Produce as output only the lines below starting at the line with "(s : seq S) : S" and continuing through the line with "exists x' y'", each one exactly as written.

#####

(* Let $\mathbf{S}$ be a distributive meet semilattice and $n\ge1$ an integer. Then the lattice $\mathrm{Fi}_n\mathbf{S}$ of all $n$-filters on $\mathbf{S}$, ordered by inclusion, is a distributive lattice.
   Context: A meet semilattice is distributive if whenever $x\wedge y\le z$ there are $x'\ge x$ and $y'\ge y$ with $x'\wedge y'=z$. For a set $X$, $Y\subseteq_n X$ means $Y$ is a non-empty subset of $X$ with $|Y|\le n$. An $n$-filter on $\mathbf{S}$ is an upset $F$ such that for every non-empty finite $X\subseteq F$: if $\bigwedge Y\in F$ for every $Y\subseteq_n X$ then $\bigwedge X\in F$. In $\mathrm{Fi}_n\mathbf{S}$ meets are intersections and the join of two $n$-filters is the $n$-filter generated by their union. *)

From HB Require Import structures.
From mathcomp Require Import all_boot all_order.
Set Implicit Arguments. Unset Strict Implicit. Unset Printing Implicit Defensive.
Import Order.TTheory.
Local Open Scope order_scope.

(* Meet of a non-empty finite list x0 :: s (no top element is assumed). *)
Definition meet_ne {d} {S : meetSemilatticeType d} (x0 : S) (s : seq S) : S :=
  foldr Order.meet x0 s.

Definition distributive_msl {d} (S : meetSemilatticeType d) : Prop :=
  forall x y z : S, x `&` y <= z ->
    exists x' y' : S, x <= x' /\ y <= y' /\ x' `&` y' = z.

Definition upset {d} {S : meetSemilatticeType d} (F : S -> Prop) : Prop :=
  forall x y : S, x <= y -> F x -> F y.

(* Finite subsets are represented by lists; "Y ⊆_n X" : Y non-empty,
   every element of Y in X, and |Y| <= n. *)
Definition nfilter {d} {S : meetSemilatticeType d} (n : nat) (F : S -> Prop) : Prop :=
  upset F /\
  forall (x0 : S) (s : seq S),
    (forall x, x \in x0 :: s -> F x) ->
    (forall (y0 : S) (t : seq S),
        (forall y, y \in y0 :: t -> y \in x0 :: s) ->
        (size (y0 :: t) <= n)%N ->
        F (meet_ne y0 t)) ->
    F (meet_ne x0 s).

Definition nfilter_gen {d} {S : meetSemilatticeType d} (n : nat) (A : S -> Prop) : S -> Prop :=
  fun x => forall F : S -> Prop, nfilter n F -> (forall y, A y -> F y) -> F x.

Definition nfilter_join {d} {S : meetSemilatticeType d} (n : nat) (G H : S -> Prop) : S -> Prop :=
  nfilter_gen n (fun x => G x \/ H x).

Definition nfilter_meet {d} {S : meetSemilatticeType d} (G H : S -> Prop) : S -> Prop :=
  fun x => G x /\ H x.

From mathcomp Require Import all_boot all_order.
Import Order.TTheory.

(* Given F and an n-filter K, call y K-joinable with F when every common upper
   bound of y and an element of F lies in K; finite distributivity makes the
   K-joinable elements an n-filter.  If K is the join of F /\ G and F /\ H, it
   contains G and H, hence the join of G and H, and an element x of F that is
   K-joinable with F lies in K, as x is a common bound of itself and x.  The
   reverse inclusion is minimality of generated n-filters. *)

Local Open Scope order_scope.

Section MeetNe.
Context {d : Order.disp_t} {S : meetSemilatticeType d}.
Implicit Types (x y z : S) (s t : seq S).

Lemma meet_ne_le_mem x0 s x : x \in x0 :: s -> meet_ne x0 s <= x.
Proof.
elim: s x => [|a s IH] x; first by rewrite inE => /eqP ->.
rewrite /meet_ne /= !inE => /or3P [/eqP ->|/eqP ->|xs].
- exact: le_trans (leIr _ _) (IH _ (mem_head _ _)).
- exact: leIl.
- by apply: le_trans (leIr _ _) (IH _ _); rewrite inE xs orbT.
Qed.

Lemma le_meet_ne z x0 s : (forall x, x \in x0 :: s -> z <= x) -> z <= meet_ne x0 s.
Proof.
elim: s => [|a s IH] zs; first exact/zs/mem_head.
rewrite /meet_ne /= lexI zs ?inE ?eqxx ?orbT //=.
by apply: IH => x; rewrite inE => /orP [/eqP ->|xs]; apply: zs; rewrite !inE ?eqxx ?xs ?orbT.
Qed.

Lemma distr_meet_ne_decomp x0 s z : distributive_msl S -> meet_ne x0 s <= z ->
  exists w0 t, meet_ne w0 t = z /\
    forall w, w \in w0 :: t -> exists2 x, x \in x0 :: s & x <= w.
Proof.
move=> D; elim: s z => [|a s IH] z le_sz.
  by exists z, [::]; split=> // w; rewrite inE => /eqP ->; exists x0; rewrite ?inE.
have [a' [r' [le_aa' [le_sr' <-]]]] := D _ _ _ le_sz.
have [w0 [t [<- wt]]] := IH _ le_sr'.
have sub_s : {subset x0 :: s <= x0 :: a :: s}.
  by move=> y; rewrite !inE => /orP [] ->; rewrite ?orbT.
exists w0, (a' :: t); split=> // w; rewrite !inE => /or3P [/eqP ->|/eqP ->|wt'].
- by have [x /sub_s xs le_xw] := wt w0 (mem_head _ _); exists x.
- by exists a; rewrite // !inE eqxx orbT.
- have [|x /sub_s xs le_xw] := wt w; last by exists x.
  by rewrite inE wt' orbT.
Qed.

Lemma meet_ne_dominated (X : seq S) y0 t :
  (forall y, y \in y0 :: t -> exists2 x, x \in X & x <= y) ->
  exists z0 u, size u = size t /\ (forall z, z \in z0 :: u -> z \in X) /\
    meet_ne z0 u <= meet_ne y0 t.
Proof.
elim: t => [|a t IH] dom.
  have [x xX le_xy] := dom y0 (mem_head _ _).
  by exists x, [::]; split; [|split=> // z; rewrite inE => /eqP ->].
have [z0 [u [size_u [uX le_u]]]] : exists z0 u, size u = size t /\
    (forall z, z \in z0 :: u -> z \in X) /\ meet_ne z0 u <= meet_ne y0 t.
  by apply: IH => y; rewrite inE => /orP [/eqP ->|yt]; apply: dom;
    rewrite !inE ?eqxx ?yt ?orbT.
have [|x xX le_xa] := dom a; first by rewrite !inE eqxx orbT.
exists z0, (x :: u); split; first by rewrite /= size_u.
split; last exact: leI2.
by move=> z; rewrite !inE => /or3P [/eqP ->|/eqP ->|zu] //; apply: uX;
  rewrite inE ?eqxx ?zu ?orbT.
Qed.

End MeetNe.

Section NFilters.
Context {d : Order.disp_t} {S : meetSemilatticeType d} (n : nat).
Implicit Types (A F G H K : S -> Prop) (x y : S).

Lemma nfilter_gen_nfilter A : nfilter n (nfilter_gen n A).
Proof.
split=> [x y le_xy Ax F nF AF|x0 s sA sub F nF AF].
  exact: nF.1 _ _ le_xy (Ax F nF AF).
by apply: nF.2 => [x /sA|y0 t ts /(sub _ _ ts)]; apply.
Qed.

Lemma nfilter_join_l G H x : G x -> nfilter_join n G H x.
Proof. by move=> Gx F _; apply; left. Qed.

Lemma nfilter_join_r G H x : H x -> nfilter_join n G H x.
Proof. by move=> Hx F _; apply; right. Qed.

Lemma nfilter_join_least G H K : nfilter n K ->
  (forall x, G x -> K x) -> (forall x, H x -> K x) ->
  forall x, nfilter_join n G H x -> K x.
Proof. by move=> nK GK HK x; apply=> // y [/GK|/HK]. Qed.

Definition joinable_with F K (y : S) : Prop :=
  forall f z, F f -> y <= z -> f <= z -> K z.

Lemma joinable_with_nfilter F K :
  distributive_msl S -> nfilter n K -> nfilter n (joinable_with F K).
Proof.
move=> D nK; split=> [a b le_ab Ja f z Ff le_bz le_fz|x0 s sJ sub f z Ff le_sz le_fz].
  exact: Ja f z Ff (le_trans le_ab le_bz) le_fz.
(* Write the bound as a meet of elements w, each above some x_i: every w is in
   K, and each n-element meet of the w is above an n-element meet of the x_i. *)
have [w0 [t [eq_z wt]]] := distr_meet_ne_decomp _ _ _ D le_sz; subst z.
have le_fw w : w \in w0 :: t -> f <= w by move=> /meet_ne_le_mem; apply: le_trans le_fz.
apply: nK.2 => [w wt'|y0 u ut size_u].
  by have [y ys le_yw] := wt w wt'; exact: sJ y ys f w Ff le_yw (le_fw w wt').
have [z0 [v [size_v [vs le_vu]]]] := meet_ne_dominated _ _ _ (fun y yu => wt y (ut y yu)).
apply: (sub z0 v vs _ f) => //; first by rewrite /= size_v.
by apply: le_meet_ne => y /ut /le_fw.
Qed.

Lemma joinable_with_meet F G K :
  upset F -> upset G -> (forall y, F y /\ G y -> K y) ->
  forall y, G y -> joinable_with F K y.
Proof.
move=> uF uG FGK y Gy f z Ff le_yz le_fz.
by apply: FGK; split; [apply: uF Ff | apply: uG Gy].
Qed.

End NFilters.

Theorem mainTheorem3 (d : Order.disp_t) (S : meetSemilatticeType d) (n : nat) :
  distributive_msl S -> (0 < n)%N ->
  forall F G H : S -> Prop,
    nfilter n F -> nfilter n G -> nfilter n H ->
    forall x : S,
      nfilter_meet F (nfilter_join n G H) x <->
      nfilter_join n (nfilter_meet F G) (nfilter_meet F H) x.
Proof.
move=> D _ F G H nF nG nH x.
set K := nfilter_join n (nfilter_meet F G) (nfilter_meet F H).
have nK : nfilter n K by apply: nfilter_gen_nfilter.
split=> [[Fx GHx]|Kx].
- suff /(_ x x Fx) : joinable_with F K x by apply.
  apply: nfilter_join_least GHx; first exact: joinable_with_nfilter.
    by apply: joinable_with_meet nF.1 nG.1 _ => y FGy; apply: nfilter_join_l.
  by apply: joinable_with_meet nF.1 nH.1 _ => y FHy; apply: nfilter_join_r.
- split; first by apply: nfilter_join_least Kx => // y [].
  apply: nfilter_join_least Kx; first exact: nfilter_gen_nfilter.
    by move=> y [_ /nfilter_join_l].
  by move=> y [_ /nfilter_join_r].
Qed.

#####

* TASK ANSWER
Definition meet_ne {d} {S : meetSemilatticeType d} (x0 : S) (s : seq S) : S :=
  foldr Order.meet x0 s.

Definition distributive_msl {d} (S : meetSemilatticeType d) : Prop :=
  forall x y z : S, x `&` y <= z ->
    exists x' y' : S, x <= x' /\ y <= y' /\ x' `&` y' = z.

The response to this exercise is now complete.